I take it that by the common name of snook cichlid you are referring to _Petenia splendida_.https://www.google.ca/search?q=pete...dAhUO7Z8KHcbDA0EQiR56BAgKEBY&biw=1600&bih=763
It gets big, 14" or more, so you need big tanks to house it (like a 6 ft. 125 gal. as a bare minimum for an adult).
It has a specially designed mouth to swallow fish. For it's size, it can swallow large fish so anything you house with it has to have large girth.....or it will eventually end up getting swallowed whole.
Tetras not a hard swallow at all......probably no more then a few months of growth for a young snook, and the tetras will disappear.
For a large Central American cichlid, they are very mild mannered and will often get bullied if housed with other large CA cichlids. I'd probably consider housing them with something more mellow like oscars or large sturdy non-cichlids.


----------



## aahren10 (Sep 11, 2018)

Thank you for the relpy. Everything went well. I got all the tetras out and i put the "snooks" in the tank today. I dont understand, but my two fish look totally different than the link u sent me. Im starting to think they might not be snooks cause one has a calico pattern and the other one has white occasional blotches everywhere and has a small hump starting to begin on his head. But he has a similqr body shape as the one in the picture.


----------



## BC in SK (Aug 11, 2012)

aahren10 said:


> Im starting to think they might not be snooks cause one has a calico pattern and the other one has white occasional blotches everywhere and has a small hump starting to begin on his head.


Post some pictures.


----------



## aahren10 (Sep 11, 2018)

Here. Im starting to tjink he may be a red devil, but he is the most docile cichlid in the tank


----------



## noki (Jun 13, 2003)

aahren10 said:


> Here. Im starting to tjink he may be a red devil, but he is the most docile cichlid in the tank


Yes, that is part of that Red Devil type of cichlids, think they tend to be mixed. Will get large with high potential for destructive behavior.


----------



## aahren10 (Sep 11, 2018)

****. Do u know why hes not aggressive now?


----------



## noki (Jun 13, 2003)

aahren10 said:


> darn. Do u know why hes not aggressive now?

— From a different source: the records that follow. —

Lemma mx_integral_dual_op :
  mx_integral mu (fun x : X => (x : 'cV[R]_n) *m (dual_op *m x)^T) = oproj W (perp V).
Proof.
have L2id := P2_L2 muP2.
rewrite mx_integral_mulr // mulmx_tr_oproj_mp_inv //; first exact: frame_op_sym.
exact: submx_frame_op.
Qed.

Lemma graph_dual_decomposition (T : {mfun X >-> X}) :
  (forall x : X, inS W x -> inS V (T x)) -> P2 V (push mu T) ->
  mx_integral mu (fun x : X => (x : 'cV[R]_n) *m (T x)^T) = oproj W (perp V) ->
  exists h : {mfun X >-> X},
    [/\ forall x : X, inS W x -> inS V (h x),
        P2 V (push mu h),
        mx_integral mu (fun x : X => (x : 'cV[R]_n) *m (h x : 'cV[R]_n)^T) = 0 &
        forall x : X, inS W x -> T x = dual_op *m x + h x].
Proof.
move=> TWV TP2 cross; have L2id := P2_L2 muP2; have L2T := P2_push_L2 TP2.
pose h : {mfun X >-> X} := add_mulmx T (- dual_op).
have hE x : h x = T x - dual_op *m x by rewrite /= /add_mulmx mulNmx.
have L2h : L2 mu h := L2D L2T (L2_mulmx (- dual_op) L2id).
have hWV x : inS W x -> inS V (h x).
  move=> xW; rewrite hE /inS linearD /= addmx_sub //; first exact: TWV.
  by rewrite linearN /= eqmx_opp /dual_op -mulmxA; exact: inS_oproj.
exists h; split => // [||x _]; last by rewrite hE addrC subrK.
- by case: muP2 => mu1 muW0 _; exact: (L2_push_P2 mu1 muW0 hWV L2h).
- apply: (addIr (oproj W (perp V))); rewrite add0r -{1}mx_integral_dual_op.
  rewrite -mx_integral_addr //; last exact: L2_mulmx.
  by under eq_fun do rewrite hE subrK.
Qed.

Lemma graph_dual_of_decomposition (T h : {mfun X >-> X}) :
  (forall x : X, inS W x -> inS V (T x)) -> P2 V (push mu h) ->
  mx_integral mu (fun x : X => (x : 'cV[R]_n) *m (h x : 'cV[R]_n)^T) = 0 ->
  (forall x : X, inS W x -> T x = dual_op *m x + h x) ->
  P2 V (push mu T) /\
  mx_integral mu (fun x : X => (x : 'cV[R]_n) *m (T x)^T) = oproj W (perp V).
Proof.
move=> TWV hP2 cross0 TE; have L2id := P2_L2 muP2; have L2h := P2_push_L2 hP2.
have [mu1 muW0 _] := muP2.
have L2Th : L2 mu (fun x : X => dual_op *m x + h x) := L2D (L2_mulmx dual_op L2id) L2h.
have TE_offW x : ~ [set x : X | ~~ inS W x] x -> T x = dual_op *m x + h x.
  by move=> /negP; rewrite negbK; exact: TE.
have L2T : L2 mu T.
  move=> i; split; first exact: measurable_mfun_coord.
  apply: (integrable_eq_off_null (measurable_notinS W) muW0 _ _ (L2Th i).2).
  - by move=> x /TE_offW ->.
  - by apply: measurable_funM; exact: measurable_mfun_coord.
split; first exact: L2_push_P2 mu1 muW0 TWV L2T.
have -> : mx_integral mu (fun x : X => (x : 'cV[R]_n) *m (T x)^T) =
    mx_integral mu (fun x : X => (x : 'cV[R]_n) *m (dual_op *m x + h x)^T).
  apply/matrixP => i j; rewrite !mxE.
  apply: (Rintegral_eq_off_null (measurable_notinS W) muW0).
  - by move=> x /TE_offW ->.
  - exact: measurable_outer.
  - exact: measurable_outer.
rewrite mx_integral_addr //; last exact: L2_mulmx.
by rewrite mx_integral_dual_op cross0 addr0.
Qed.

End ObliqueDualGraph.

Theorem corollary4p7 (R : realType) (n : nat) (W V : 'M[R]_n)
  (mu : probability (Rn R n) R) :
  (W + perp V == 1%:M)%MS -> mxdirect (W + perp V) ->
  P2 W mu -> prob_frame W mu ->
  forall T : {mfun Rn R n >-> Rn R n},
    (forall x : Rn R n, inS W x -> inS V (T x)) ->
    (oblique_dual W V mu (push mu T) (push mu (graph_map T))
     <->
     exists h : {mfun Rn R n >-> Rn R n},
       [/\ forall x : Rn R n, inS W x -> inS V (h x),
           P2 V (push mu h),
           mx_integral mu (fun x : Rn R n =>
             (x : 'cV[R]_n) *m (h x : 'cV[R]_n)^T) = 0 &
           forall x : Rn R n, inS W x ->
             T x = oproj V (perp W) *m mp_inv (frame_op mu) *m x + h x]).
Proof.
move=> WVfull WVdirect muP2 mu_frame T TWV; rewrite oblique_dual_graphE //.
split => [[TP2 cross]|[h [_ hP2 cross0 TE]]].
  exact: graph_dual_decomposition.
exact: graph_dual_of_decomposition hP2 cross0 TE.
Qed.
(* The elements $\mathsf{F}_{[t]}$, where $t$ runs over the set of unlabeled rooted trees, form a basis of the vector space $H_{\operatorname{NAP}}$.
   Context: $\Pi_{\operatorname{NAP}}(I)$ is the set of forests of rooted trees with vertex set exactly $I$, ordered by: $y$ covers $x$ iff $y$ is obtained from $x$ by adding an edge from the root of one component of $x$ to the root of another component (the latter root remaining the root); $\widehat{0}$ is the forest of one-vertex trees. For a rooted tree $t$ on $I$, $[\widehat{0},t]$ is an interval in $\Pi_{\operatorname{NAP}}(I)$, whose isomorphism class depends only on the unlabeled tree underlying $t$. $H_{\operatorname{NAP}}$ is the incidence Hopf algebra (Schmitt's construction) of this family: it has a basis $\mathsf{F}_{[Q]}$ indexed by isomorphism classes of finite products $Q$ of posets $[\widehat{0},t]$ ($t$ rooted trees), product $\mathsf{F}_{[Q]}\mathsf{F}_{[Q']}=\mathsf{F}_{[Q\times Q']}$, unit the class of the one-element poset, coproduct $\Delta\mathsf{F}_{[Q]}=\sum_{x\in Q}\mathsf{F}_{[\widehat{0},x]}\otimes\mathsf{F}_{[x,\widehat{1}]}$. We write $\mathsf{F}_{[t]}=\mathsf{F}_{[[\widehat{0},t]]}$. *)

From HB Require Import structures.
From mathcomp Require Import all_boot all_order all_algebra.
Set Implicit Arguments. Unset Strict Implicit. Unset Printing Implicit Defensive.
Import GRing.Theory.

(* A rooted forest with vertex set 'I_n is encoded by its parent map:
   [x i = None] iff i is a root, [x i = Some j] iff j is the parent of i. *)
Definition parent_fun (n : nat) := {ffun 'I_n -> option 'I_n}.
(* Let $\mathcal{C}$ be a robust hereditary graph class for which $\beta_{\mathcal{C}}$ is finite. For every integer $d\ge 1$, $$\beta_{\mathcal{C}}(d)=\begin{cases}2^{d-1}+1 & \text{if } \beta_{\mathcal{C}}=1,\\ (\beta_{\mathcal{C}}-1)\,2^{d}+1 & \text{if } \beta_{\mathcal{C}}\ge 2.\end{cases}$$ In particular, the maximum size of a minimal blocking set in a graph of treedepth at most $d$ is $1$ for $d=1$ and $2^{d-2}+1$ for $d\ge2$.
   Context: All graphs are finite, simple, undirected. $\mathrm{OPT}(G)$ is the minimum vertex cover size. $Y\subseteq V(G)$ is a blocking set of $G$ if no vertex cover of $G$ of size $\mathrm{OPT}(G)$ contains $Y$; minimal if no proper subset is a blocking set. $\beta(G)$ is the maximum size of a minimal blocking set of $G$; for a class $\mathcal{C}$, $\beta_{\mathcal{C}}=\sup_{G\in\mathcal{C}}\beta(G)$. Elimination distance of $G$ to $\mathcal{C}$: $\mathrm{ed}_{\mathcal{C}}(G)=0$ if $G\in\mathcal{C}$; otherwise, if $G$ is connected, $\mathrm{ed}_{\mathcal{C}}(G)=1+\min_{v\in V(G)}\mathrm{ed}_{\mathcal{C}}(G-v)$; otherwise it is the maximum of $\mathrm{ed}_{\mathcal{C}}$ over the connected components of $G$. $\beta_{\mathcal{C}}(d)=\max\{\beta(G): \mathrm{ed}_{\mathcal{C}}(G)\le d\}$. Treedepth is the elimination distance to the class consisting of the empty graph. A class is hereditary if closed under taking induced subgraphs, and robust if a graph is in it iff all its connected components are. *)

From mathcomp Require Import all_boot.
Set Implicit Arguments. Unset Strict Implicit. Unset Printing Implicit Defensive.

Suppose there is no reason for aggression. You have 2 of these? They have only been the tank a day. Once they get settled and start getting sexually mature they may get more territorial chasing fish or fight with each other. If they get big enough they can try to get smaller fish in their mouth, if not they will ignore the tetras otherwise except for territorial behavior. Eventually you will have problems if you have a smaller tank and tetras.


----------



## aahren10 (Sep 11, 2018)

I took the tetras back + all small fish. Thank you fot the advice


----------